Dataset entries
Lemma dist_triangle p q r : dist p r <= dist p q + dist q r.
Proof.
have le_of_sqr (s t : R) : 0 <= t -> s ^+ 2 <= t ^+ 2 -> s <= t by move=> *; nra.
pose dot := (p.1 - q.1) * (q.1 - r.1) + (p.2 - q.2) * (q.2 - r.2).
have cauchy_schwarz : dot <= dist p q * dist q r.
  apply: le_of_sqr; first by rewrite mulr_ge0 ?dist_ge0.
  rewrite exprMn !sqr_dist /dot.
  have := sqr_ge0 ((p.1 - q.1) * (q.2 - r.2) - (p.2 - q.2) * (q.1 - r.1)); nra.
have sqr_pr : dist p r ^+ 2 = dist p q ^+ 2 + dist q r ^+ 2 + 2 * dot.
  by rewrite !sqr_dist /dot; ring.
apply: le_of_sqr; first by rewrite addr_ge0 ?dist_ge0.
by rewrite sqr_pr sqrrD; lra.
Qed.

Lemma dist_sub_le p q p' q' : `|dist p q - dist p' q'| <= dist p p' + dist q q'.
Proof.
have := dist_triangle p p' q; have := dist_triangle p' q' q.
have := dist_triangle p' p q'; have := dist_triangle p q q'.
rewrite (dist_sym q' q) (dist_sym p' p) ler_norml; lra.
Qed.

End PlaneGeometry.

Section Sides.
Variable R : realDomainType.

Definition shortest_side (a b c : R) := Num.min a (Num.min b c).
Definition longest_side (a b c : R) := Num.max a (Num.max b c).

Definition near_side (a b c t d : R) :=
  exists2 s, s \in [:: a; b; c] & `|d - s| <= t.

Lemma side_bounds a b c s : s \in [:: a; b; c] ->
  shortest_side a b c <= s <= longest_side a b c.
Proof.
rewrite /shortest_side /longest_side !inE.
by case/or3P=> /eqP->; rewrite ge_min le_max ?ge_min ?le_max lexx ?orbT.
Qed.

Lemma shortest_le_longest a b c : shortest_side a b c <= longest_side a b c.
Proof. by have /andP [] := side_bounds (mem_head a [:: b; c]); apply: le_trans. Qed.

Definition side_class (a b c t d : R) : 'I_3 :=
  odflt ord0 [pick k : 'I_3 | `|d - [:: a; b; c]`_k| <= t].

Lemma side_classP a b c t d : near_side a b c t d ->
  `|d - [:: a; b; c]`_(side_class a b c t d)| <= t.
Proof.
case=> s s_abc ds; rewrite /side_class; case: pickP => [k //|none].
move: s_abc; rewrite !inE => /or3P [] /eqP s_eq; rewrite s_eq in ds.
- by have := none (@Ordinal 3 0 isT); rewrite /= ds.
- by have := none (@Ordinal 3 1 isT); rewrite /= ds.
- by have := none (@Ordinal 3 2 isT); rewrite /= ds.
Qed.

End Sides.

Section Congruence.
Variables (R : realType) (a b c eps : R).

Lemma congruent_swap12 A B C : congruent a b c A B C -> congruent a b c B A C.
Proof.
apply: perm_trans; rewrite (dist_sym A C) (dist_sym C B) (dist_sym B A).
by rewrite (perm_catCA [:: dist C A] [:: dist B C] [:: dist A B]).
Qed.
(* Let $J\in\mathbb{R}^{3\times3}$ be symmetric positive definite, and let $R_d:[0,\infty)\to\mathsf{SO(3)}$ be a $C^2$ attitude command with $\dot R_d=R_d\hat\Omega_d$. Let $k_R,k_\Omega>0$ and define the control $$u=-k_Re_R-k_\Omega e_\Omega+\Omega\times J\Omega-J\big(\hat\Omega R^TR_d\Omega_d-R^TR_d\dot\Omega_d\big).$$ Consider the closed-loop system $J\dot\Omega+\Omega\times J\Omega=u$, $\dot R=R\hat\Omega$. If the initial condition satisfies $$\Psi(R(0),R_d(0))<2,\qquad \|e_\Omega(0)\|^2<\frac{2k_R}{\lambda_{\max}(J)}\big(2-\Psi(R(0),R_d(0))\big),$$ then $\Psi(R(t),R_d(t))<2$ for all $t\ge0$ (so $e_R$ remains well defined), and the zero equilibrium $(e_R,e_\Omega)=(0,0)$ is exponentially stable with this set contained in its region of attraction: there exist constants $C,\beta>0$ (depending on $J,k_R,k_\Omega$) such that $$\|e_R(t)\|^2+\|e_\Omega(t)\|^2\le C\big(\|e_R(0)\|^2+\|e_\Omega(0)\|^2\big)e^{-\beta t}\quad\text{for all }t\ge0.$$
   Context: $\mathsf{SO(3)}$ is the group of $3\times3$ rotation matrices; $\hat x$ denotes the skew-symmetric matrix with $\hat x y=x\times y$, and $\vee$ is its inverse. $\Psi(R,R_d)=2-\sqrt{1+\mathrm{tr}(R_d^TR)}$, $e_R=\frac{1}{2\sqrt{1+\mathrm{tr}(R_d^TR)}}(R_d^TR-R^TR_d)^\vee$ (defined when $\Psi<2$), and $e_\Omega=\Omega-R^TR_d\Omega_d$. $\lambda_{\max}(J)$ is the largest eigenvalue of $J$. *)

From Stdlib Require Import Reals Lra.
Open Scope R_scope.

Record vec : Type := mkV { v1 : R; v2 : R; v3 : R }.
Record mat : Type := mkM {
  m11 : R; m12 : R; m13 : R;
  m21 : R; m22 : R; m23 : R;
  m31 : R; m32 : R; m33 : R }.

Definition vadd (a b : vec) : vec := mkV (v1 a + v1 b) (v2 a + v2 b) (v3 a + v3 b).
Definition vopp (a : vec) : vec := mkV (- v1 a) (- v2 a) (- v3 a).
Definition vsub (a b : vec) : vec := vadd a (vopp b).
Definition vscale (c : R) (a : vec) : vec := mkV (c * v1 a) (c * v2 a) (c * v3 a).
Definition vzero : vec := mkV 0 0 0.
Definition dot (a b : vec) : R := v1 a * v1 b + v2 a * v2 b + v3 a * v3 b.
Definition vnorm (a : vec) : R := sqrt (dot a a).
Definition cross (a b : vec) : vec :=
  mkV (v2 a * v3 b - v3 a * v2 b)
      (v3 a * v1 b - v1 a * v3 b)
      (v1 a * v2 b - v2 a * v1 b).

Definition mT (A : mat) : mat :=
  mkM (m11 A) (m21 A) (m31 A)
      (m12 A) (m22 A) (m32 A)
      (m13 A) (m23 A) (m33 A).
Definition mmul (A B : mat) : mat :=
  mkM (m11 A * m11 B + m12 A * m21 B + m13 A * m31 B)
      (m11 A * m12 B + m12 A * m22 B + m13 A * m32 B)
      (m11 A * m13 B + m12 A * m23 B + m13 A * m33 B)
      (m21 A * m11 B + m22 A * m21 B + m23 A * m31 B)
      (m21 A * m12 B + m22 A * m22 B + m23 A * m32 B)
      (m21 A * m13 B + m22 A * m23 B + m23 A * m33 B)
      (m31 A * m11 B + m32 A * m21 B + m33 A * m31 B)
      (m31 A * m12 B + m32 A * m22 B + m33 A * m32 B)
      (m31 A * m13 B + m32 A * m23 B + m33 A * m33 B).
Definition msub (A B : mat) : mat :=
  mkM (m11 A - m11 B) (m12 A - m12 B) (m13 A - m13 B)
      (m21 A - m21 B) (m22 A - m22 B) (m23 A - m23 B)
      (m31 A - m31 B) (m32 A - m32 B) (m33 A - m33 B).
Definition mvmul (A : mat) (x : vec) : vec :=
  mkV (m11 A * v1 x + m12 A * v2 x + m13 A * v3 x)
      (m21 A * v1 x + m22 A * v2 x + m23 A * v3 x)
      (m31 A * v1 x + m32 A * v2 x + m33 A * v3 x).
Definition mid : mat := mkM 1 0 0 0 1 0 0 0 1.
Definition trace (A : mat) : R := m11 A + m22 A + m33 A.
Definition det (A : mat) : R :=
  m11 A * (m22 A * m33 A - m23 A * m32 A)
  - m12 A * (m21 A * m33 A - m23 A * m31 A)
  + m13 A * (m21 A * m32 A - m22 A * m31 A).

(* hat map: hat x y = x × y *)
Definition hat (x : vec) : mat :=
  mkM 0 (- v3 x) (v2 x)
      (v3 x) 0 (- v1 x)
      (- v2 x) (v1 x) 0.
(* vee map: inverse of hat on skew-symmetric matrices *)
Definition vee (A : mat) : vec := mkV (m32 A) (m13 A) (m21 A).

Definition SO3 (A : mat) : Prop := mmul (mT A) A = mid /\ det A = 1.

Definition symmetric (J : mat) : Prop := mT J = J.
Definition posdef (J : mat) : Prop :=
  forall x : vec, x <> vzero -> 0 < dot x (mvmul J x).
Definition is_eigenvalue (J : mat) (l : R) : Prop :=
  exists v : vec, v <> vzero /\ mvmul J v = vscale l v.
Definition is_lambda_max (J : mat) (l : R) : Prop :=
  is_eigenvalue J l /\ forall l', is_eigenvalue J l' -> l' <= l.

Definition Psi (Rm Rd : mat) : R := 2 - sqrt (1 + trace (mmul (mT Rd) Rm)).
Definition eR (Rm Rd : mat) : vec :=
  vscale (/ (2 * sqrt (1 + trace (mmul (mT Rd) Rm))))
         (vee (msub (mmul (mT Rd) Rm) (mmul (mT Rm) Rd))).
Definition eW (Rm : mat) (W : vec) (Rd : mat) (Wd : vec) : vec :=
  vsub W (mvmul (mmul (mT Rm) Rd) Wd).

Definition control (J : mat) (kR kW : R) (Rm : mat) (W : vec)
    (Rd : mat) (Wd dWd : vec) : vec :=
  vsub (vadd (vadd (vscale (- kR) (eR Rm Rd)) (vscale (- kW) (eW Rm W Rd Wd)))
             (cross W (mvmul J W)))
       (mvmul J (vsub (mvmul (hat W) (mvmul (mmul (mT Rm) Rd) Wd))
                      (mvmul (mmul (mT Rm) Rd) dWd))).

• _Requirement_
Above are the records; repeat exactly the lines from the one holding "Record mat : Type" down to the one holding "Definition vopp (a", end lines included.

• _Finished exercise_
Record mat : Type := mkM {
  m11 : R; m12 : R; m13 : R;
  m21 : R; m22 : R; m23 : R;
  m31 : R; m32 : R; m33 : R }.

Definition vadd (a b : vec) : vec := mkV (v1 a + v1 b) (v2 a + v2 b) (v3 a + v3 b).
Definition vopp (a : vec) : vec := mkV (- v1 a) (- v2 a) (- v3 a).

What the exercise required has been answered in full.